Looking at your proposals, it doesn't seem like something that's feasible nor practical. I was working in a company where we used more than 1k tables per database (very complex system), and it all worked fine like this:
- Have one person in charge of the DB (lets call him DBPerson) - every script/db change has to pass through him. This will avoid any unnecessary changes, and some 'overlooks' of the issues (for example, if someone moves an index to perform better for his query, hi might destroy other persons work, maybe someone will create a table that is completely redundant and unnecessary, etc...). This will keep db clean and efficient. Even if it seems like this is too much work for one guy (or his deputy), in fact it isn't - the db usually rarely changes.

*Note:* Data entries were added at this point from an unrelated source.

(* Let $n\ge 1$, let $\preceq$ be an admissible order on $L([0,1])$, let $F\colon L([0,1])\times L([0,1])\to L([0,1])$ and $G\colon L([0,1])^n\to L([0,1])$ be functions and let $m\colon 2^N\to L([0,1])$ be an IV fuzzy measure with respect to $\preceq$. Then: (i) if $m$ is symmetric, the triplet $(m,F,G)$ satisfies Condition (WDS) (for arbitrary $F,G$); (ii) if $G=f\circ \mathrm{Proj}_1$ for some function $f\colon L([0,1])\to L([0,1])$, then $(m,F,G)$ satisfies Condition (WDS) for any $m$; (iii) if $F$ is non-decreasing in the second variable and $G=f\circ\vee$ for some function $f\colon L([0,1])\to L([0,1])$, then $(m,F,G)$ satisfies Condition (WDS) for any $m$.
   Context: $N=\{1,\dots,n\}$. $L([0,1])=\{[a,b]: 0\le a\le b\le 1\}$, $\mathbf 0=[0,0]$, $\mathbf 1=[1,1]$. $[a,b]\le_{spo}[c,d]$ iff $a\le c$ and $b\le d$. An admissible order $\preceq$ on $L([0,1])$ is a total order such that $X\le_{spo}Y$ implies $X\preceq Y$. $\vee$ and $\wedge$ denote maximum and minimum with respect to $\preceq$ (of two or of $n$ intervals). An IV fuzzy measure w.r.t. $\preceq$ is $m\colon 2^N\to L([0,1])$ with $m(\emptyset)=\mathbf 0$, $m(N)=\mathbf 1$, $m(A)\preceq m(B)$ for $A\subseteq B$; it is symmetric if $m(A)=m(B)$ whenever $|A|=|B|$. $\mathrm{Proj}_1(X_1,\dots,X_n)=X_1$. Monotonicity (non-decreasing) is with respect to $\preceq$. For a permutation $\sigma$ of $N$, $E_{\sigma(i)}=\{\sigma(i),\dots,\sigma(n)\}$. The triplet $(m,F,G)$ satisfies Condition (WDS) if for all $X_1,\dots,X_n\in L([0,1])$ and all permutations $\sigma_1,\sigma_2$ of $N$ with $X_{\sigma_j(1)}\preceq\dots\preceq X_{\sigma_j(n)}$ ($j=1,2$) one has $G\big(F(X_{\sigma_1(1)},m(E_{\sigma_1(1)})),\dots,F(X_{\sigma_1(n)},m(E_{\sigma_1(n)}))\big)=G\big(F(X_{\sigma_2(1)},m(E_{\sigma_2(1)})),\dots,F(X_{\sigma_2(n)},m(E_{\sigma_2(n)}))\big)$. *)

From HB Require Import structures.
From mathcomp Require Import all_boot all_order all_algebra all_fingroup.
From mathcomp Require Import reals.
Set Implicit Arguments. Unset Strict Implicit. Unset Printing Implicit Defensive.
Import Order.TTheory GRing.Theory Num.Theory.
Local Open Scope ring_scope.

(* L([0,1]) : closed subintervals [a,b] of [0,1], encoded as the pair (a,b). *)
Definition IV (R : realType) :=
  {p : R * R | [&& 0 <= p.1, p.1 <= p.2 & p.2 <= 1]}.

Definition lb {R : realType} (X : IV R) : R := (proj1_sig X).1.
Definition ub {R : realType} (X : IV R) : R := (proj1_sig X).2.

Lemma IV0_proof (R : realType) : [&& (0:R) <= ((0:R),(0:R)).1, ((0:R),(0:R)).1 <= ((0:R),(0:R)).2 & ((0:R),(0:R)).2 <= 1].
Proof. by rewrite /= lexx ler01. Qed.
Lemma IV1_proof (R : realType) : [&& (0:R) <= ((1:R),(1:R)).1, ((1:R),(1:R)).1 <= ((1:R),(1:R)).2 & ((1:R),(1:R)).2 <= 1].
Proof. by rewrite /= lexx ler01. Qed.

Definition IV0 (R : realType) : IV R := exist _ ((0:R), (0:R)) (IV0_proof R).
Definition IV1 (R : realType) : IV R := exist _ ((1:R), (1:R)) (IV1_proof R).

Definition le_spo {R : realType} (X Y : IV R) : Prop :=
  lb X <= lb Y /\ ub X <= ub Y.

Definition admissible {R : realType} (le : IV R -> IV R -> bool) : Prop :=
  [/\ (forall X, le X X),
      (forall X Y, le X Y -> le Y X -> X = Y),
      (forall X Y Z, le X Y -> le Y Z -> le X Z),
      (forall X Y, le X Y || le Y X) &
      (forall X Y, le_spo X Y -> le X Y)].

Definition ivmax {R : realType} (le : IV R -> IV R -> bool) (X Y : IV R) : IV R :=
  if le X Y then Y else X.

(* n-ary maximum w.r.t. le of (Y_1,...,Y_n), here n = k.+1 *)
Definition ivmaxn {R : realType} (le : IV R -> IV R -> bool) {k : nat}
  (Y : 'I_k.+1 -> IV R) : IV R :=
  foldl (fun acc i => ivmax le acc (Y i)) (Y ord0) (enum 'I_k.+1).

Definition iv_fuzzy_measure {R : realType} (le : IV R -> IV R -> bool) {k : nat}
  (m : {set 'I_k.+1} -> IV R) : Prop :=
  [/\ m set0 = IV0 R, m setT = IV1 R &
      (forall A B : {set 'I_k.+1}, A \subset B -> le (m A) (m B))].

Definition iv_symmetric {R : realType} {k : nat} (m : {set 'I_k.+1} -> IV R) : Prop :=
  forall A B : {set 'I_k.+1}, #|A| = #|B| -> m A = m B.

Definition Eset {k : nat} (s : {perm 'I_k.+1}) (i : 'I_k.+1) : {set 'I_k.+1} :=
  [set s j | j in [pred j : 'I_k.+1 | (i <= j)%N]].

Definition sorts {R : realType} (le : IV R -> IV R -> bool) {k : nat}
  (X : 'I_k.+1 -> IV R) (s : {perm 'I_k.+1}) : Prop :=
  forall i j : 'I_k.+1, (i <= j)%N -> le (X (s i)) (X (s j)).

Definition WDS {R : realType} (le : IV R -> IV R -> bool) {k : nat}
  (m : {set 'I_k.+1} -> IV R) (F : IV R -> IV R -> IV R)
  (G : ('I_k.+1 -> IV R) -> IV R) : Prop :=
  forall (X : 'I_k.+1 -> IV R) (s1 s2 : {perm 'I_k.+1}),
    sorts le X s1 -> sorts le X s2 ->
    G (fun i => F (X (s1 i)) (m (Eset s1 i))) =
    G (fun i => F (X (s2 i)) (m (Eset s2 i))).

Definition nondecr2 {R : realType} (le : IV R -> IV R -> bool)
  (F : IV R -> IV R -> IV R) : Prop :=
  forall X Y Z, le Y Z -> le (F X Y) (F X Z).

(* Both sortings of X list the same values in the same order, since two sorted
   rearrangements of one multiset coincide for a total order.  This settles (i)
   (the sets E_{sigma(i)} have the same size n - i + 1) and (ii) (E_{sigma(1)} = N).
   For (iii), let U(x) be the set of indices l with x <= X_l.  Always
   E_{sigma(i)} is contained in U(X_{sigma(i)}), with equality when i is the first
   position holding the value X_{sigma(i)}; hence, F being monotone in its second
   argument, the maximum of the terms F(X_{sigma(i)}, m(E_{sigma(i)})) is the
   maximum of F(X_l, m(U(X_l))) over l, which does not depend on sigma. *)
From HB Require Import structures.
From mathcomp Require Import all_boot all_order all_algebra all_fingroup.
From mathcomp Require Import reals.
From Stdlib Require Import FunctionalExtensionality.
Set Implicit Arguments. Unset Strict Implicit. Unset Printing Implicit Defensive.

Lemma mem_Eset (k : nat) (s : {perm 'I_k.+1}) (i x : 'I_k.+1) :
  (x \in Eset s i) = (i <= (s^-1)%g x)%N.
Proof.
apply/imsetP/idP => [[j ij ->] | ix]; first by rewrite permK.
by exists ((s^-1)%g x); rewrite ?permKV.
Qed.

Lemma Eset_ord0 (k : nat) (s : {perm 'I_k.+1}) : Eset s ord0 = setT.
Proof. by apply/setP => x; rewrite mem_Eset inE. Qed.

Lemma card_Eset (k : nat) (s1 s2 : {perm 'I_k.+1}) (i : 'I_k.+1) :
  #|Eset s1 i| = #|Eset s2 i|.
Proof. by rewrite /Eset !card_imset //; apply: perm_inj. Qed.

Section AdmissibleOrder.
Variables (R : realType) (le : IV R -> IV R -> bool).
Hypothesis adm : admissible le.

Let le_refl : reflexive le. Proof. by case: adm. Qed.
Let le_anti : antisymmetric le.
Proof. by case: adm => _ anti _ _ _ X Y /andP[]; apply: anti. Qed.
Let le_trans : transitive le.
Proof. by case: adm => _ _ trans _ _ Y X Z; apply: trans. Qed.
Let le_total : total le. Proof. by case: adm. Qed.

Section Sorting.
Variables (k : nat) (X : 'I_k.+1 -> IV R).

Lemma sorts_sorted (s : {perm 'I_k.+1}) :
  sorts le X s -> sorted le [seq X (s i) | i <- enum 'I_k.+1].
Proof.
move=> sorted_s; rewrite sorted_map.
apply: (@sub_sorted _ (relpre val ltn)) => [i j /ltnW | ]; first exact: sorted_s.
by rewrite -sorted_map val_enum_ord iota_ltn_sorted.
Qed.

Lemma perm_sorted_values (s : {perm 'I_k.+1}) :
  perm_eq [seq X (s i) | i <- enum 'I_k.+1] [seq X i | i <- enum 'I_k.+1].
Proof.
rewrite (map_comp X s); apply: perm_map.
apply: uniq_perm; rewrite ?(map_inj_uniq (@perm_inj _ s)) ?enum_uniq //.
by move=> x; rewrite mem_enum -[x](permKV s) map_f ?mem_enum.
Qed.

Lemma sorts_eq (s1 s2 : {perm 'I_k.+1}) :
  sorts le X s1 -> sorts le X s2 -> forall i, X (s1 i) = X (s2 i).
Proof.
move=> sorted1 sorted2 i.
have eq_values :
    [seq X (s1 i) | i <- enum 'I_k.+1] = [seq X (s2 i) | i <- enum 'I_k.+1].
  apply: (sorted_eq le_trans le_anti); rewrite ?sorts_sorted //.
  by apply: perm_trans (perm_sorted_values s1) _; rewrite perm_sym perm_sorted_values.
by move/eq_in_map: eq_values; apply; rewrite mem_enum.
Qed.

Definition upper_set (x : IV R) : {set 'I_k.+1} := [set l | le x (X l)].

Lemma Eset_sub_upper_set (s : {perm 'I_k.+1}) (i : 'I_k.+1) :
  sorts le X s -> Eset s i \subset upper_set (X (s i)).
Proof.
move=> sorted_s; apply/subsetP => x.
by rewrite mem_Eset inE -{2}[x](permKV s); apply: sorted_s.
Qed.

Lemma Eset_first_eq_upper_set (s : {perm 'I_k.+1}) (i : 'I_k.+1) :
  sorts le X s -> exists j : 'I_k.+1,
    X (s j) = X (s i) /\ Eset s j = upper_set (X (s i)).
Proof.
move=> sorted_s.
have [j /eqP eq_ji first_j] :=
  @arg_minnP _ i (fun j => X (s j) == X (s i)) (@nat_of_ord _) (eqxx _).
exists j; split => //; apply/eqP; rewrite eqEsubset -{1}eq_ji Eset_sub_upper_set //.
apply/subsetP => x; rewrite inE mem_Eset leqNgt => le_ix; apply/negP => lt_xj.
have /eqP/first_j : X (s ((s^-1)%g x)) = X (s i).
  by apply: le_anti; rewrite -{1}eq_ji sorted_s ?(ltnW lt_xj) //= permKV le_ix.
by rewrite leqNgt lt_xj.
Qed.

End Sorting.

Lemma ivmax_ge_l (x y : IV R) : le x (ivmax le x y).
Proof. by rewrite /ivmax; case: ifP. Qed.

Lemma ivmax_ge_r (x y : IV R) : le y (ivmax le x y).
Proof. by rewrite /ivmax; case: ifP => // /negbT; case/orP: (le_total x y) => ->. Qed.

Section Maximum.
Variables (k : nat) (Y : 'I_k.+1 -> IV R).
Let step (acc : IV R) (i : 'I_k.+1) := ivmax le acc (Y i).

Lemma foldl_ivmax_ge (s : seq 'I_k.+1) (acc : IV R) :
  le acc (foldl step acc s) /\ {in s, forall i, le (Y i) (foldl step acc s)}.
Proof.
elim: s acc => [|a s IH] acc //=; have [le_step le_s] := IH (step acc a).
split=> [|i]; first exact: le_trans (ivmax_ge_l _ _) le_step.
by rewrite inE => /predU1P[-> | /le_s //]; apply: le_trans (ivmax_ge_r _ _) le_step.
Qed.

Lemma foldl_ivmax_mem (s : seq 'I_k.+1) (acc : IV R) :
  foldl step acc s = acc \/ exists2 i, i \in s & foldl step acc s = Y i.
Proof.
elim: s acc => [|a s IH] acc /=; first by left.
have [-> | [i si ->]] := IH (step acc a); last by right; exists i; rewrite // inE si orbT.
by rewrite /step /ivmax; case: ifP => _; [right; exists a; rewrite ?inE ?eqxx | left].
Qed.

Lemma ivmaxn_ge (i : 'I_k.+1) : le (Y i) (ivmaxn le Y).
Proof. by apply: (foldl_ivmax_ge _ _).2; rewrite mem_enum. Qed.

Lemma ivmaxn_mem : exists i, ivmaxn le Y = Y i.
Proof.
by have [|[i _]] := foldl_ivmax_mem (enum 'I_k.+1) (Y ord0); [exists ord0 | exists i].
Qed.

End Maximum.

Lemma ivmaxn_le (k : nat) (Y Z : 'I_k.+1 -> IV R) :
  (forall i, exists j, le (Y i) (Z j)) -> le (ivmaxn le Y) (ivmaxn le Z).
Proof.
move=> dom; have [i ->] := ivmaxn_mem Y; have [j le_ij] := dom i.
exact: le_trans le_ij (ivmaxn_ge Z j).
Qed.

Lemma ivmaxn_Eset_terms (k : nat) (F : IV R -> IV R -> IV R)
    (m : {set 'I_k.+1} -> IV R) (X : 'I_k.+1 -> IV R) (s : {perm 'I_k.+1}) :
  nondecr2 le F -> (forall A B : {set 'I_k.+1}, A \subset B -> le (m A) (m B)) ->
  sorts le X s ->
  ivmaxn le (fun i => F (X (s i)) (m (Eset s i))) =
  ivmaxn le (fun l => F (X l) (m (upper_set X (X l)))).
Proof.
move=> monoF monom sorted_s; apply: le_anti; rewrite !ivmaxn_le // => [l | i].
  have [j [eq_j E_j]] := Eset_first_eq_upper_set ((s^-1)%g l) sorted_s.
  by exists j; rewrite E_j eq_j permKV; apply: le_refl.
by exists (s i); apply/monoF/monom/Eset_sub_upper_set.
Qed.

End AdmissibleOrder.

Theorem proposition1 (R : realType) (k : nat) (le : IV R -> IV R -> bool)
  (F : IV R -> IV R -> IV R) (G : ('I_k.+1 -> IV R) -> IV R)
  (m : {set 'I_k.+1} -> IV R) :
  admissible le -> iv_fuzzy_measure le m ->
  [/\ (iv_symmetric m -> WDS le m F G),
      ((exists f : IV R -> IV R, G = (fun Y => f (Y ord0))) -> WDS le m F G) &
      (nondecr2 le F ->
       (exists f : IV R -> IV R, G = (fun Y => f (ivmaxn le Y))) -> WDS le m F G)].
Proof.
move=> adm [_ _ monom]; split.
- move=> sym X s1 s2 sorted1 sorted2; congr G; apply: functional_extensionality => i.
  by rewrite (sorts_eq adm sorted1 sorted2) (sym _ _ (card_Eset s1 s2 i)).
- move=> [f ->] X s1 s2 sorted1 sorted2 /=.
  by rewrite (sorts_eq adm sorted1 sorted2) !Eset_ord0.
- move=> monoF [f ->] X s1 s2 sorted1 sorted2 /=.
  by rewrite !(ivmaxn_Eset_terms adm monoF monom).
Qed.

- Each script has to pass validation through DBPerson
- When the script is approved, the DBPerson assigns a number and puts it in 'update' folder/svn(...), with appropriate numbering (as you suggested, incremental numbers for example).
- Next, if you have some continuous integration in place, the script gets picked up and updates the db (if you don't have continuous integration, do it manually).
- Do not store entire database script, with all the data in script. Store the actual database instead. If you have branches of the solution - have each branch with it's own database, or you can always have update scripts divided for each of the branches so you could rollback/forward to another branch. But, I really recommend to have a separate db for each branch.
- Have one database always with default data (intact) - for needs of unit tests, regression tests etc. Whenever you do the tests, do them on the copy of this database. You could even put a nightly cleanup of the test databases with the main one (if appropriate of course).
In an environment like this you'll have multiple versions of database:
- Developers database (local) - the one that the dev guy is using to test his work. He can always copy from Master or Test Master.
- Master database - the one with all the default values, maybe semi-empty if you're doing redeploys to new clients.
- Test Master database - Master database filled with test data. Any scripts you have ran on Master you ran here as well.
- Test in progress database - copied from Test Master and used for testing - gets overwritten prior to any new test.
- If you have branches (similar database with slight difference for each of the clients) than you'll have the same as above for each branch...
You will most certainly have to make modifications of this to match your situation, but anyway I think that keeping the textual version of the create script for entire database is wrong in terms of maintainability, merging, updating, etc...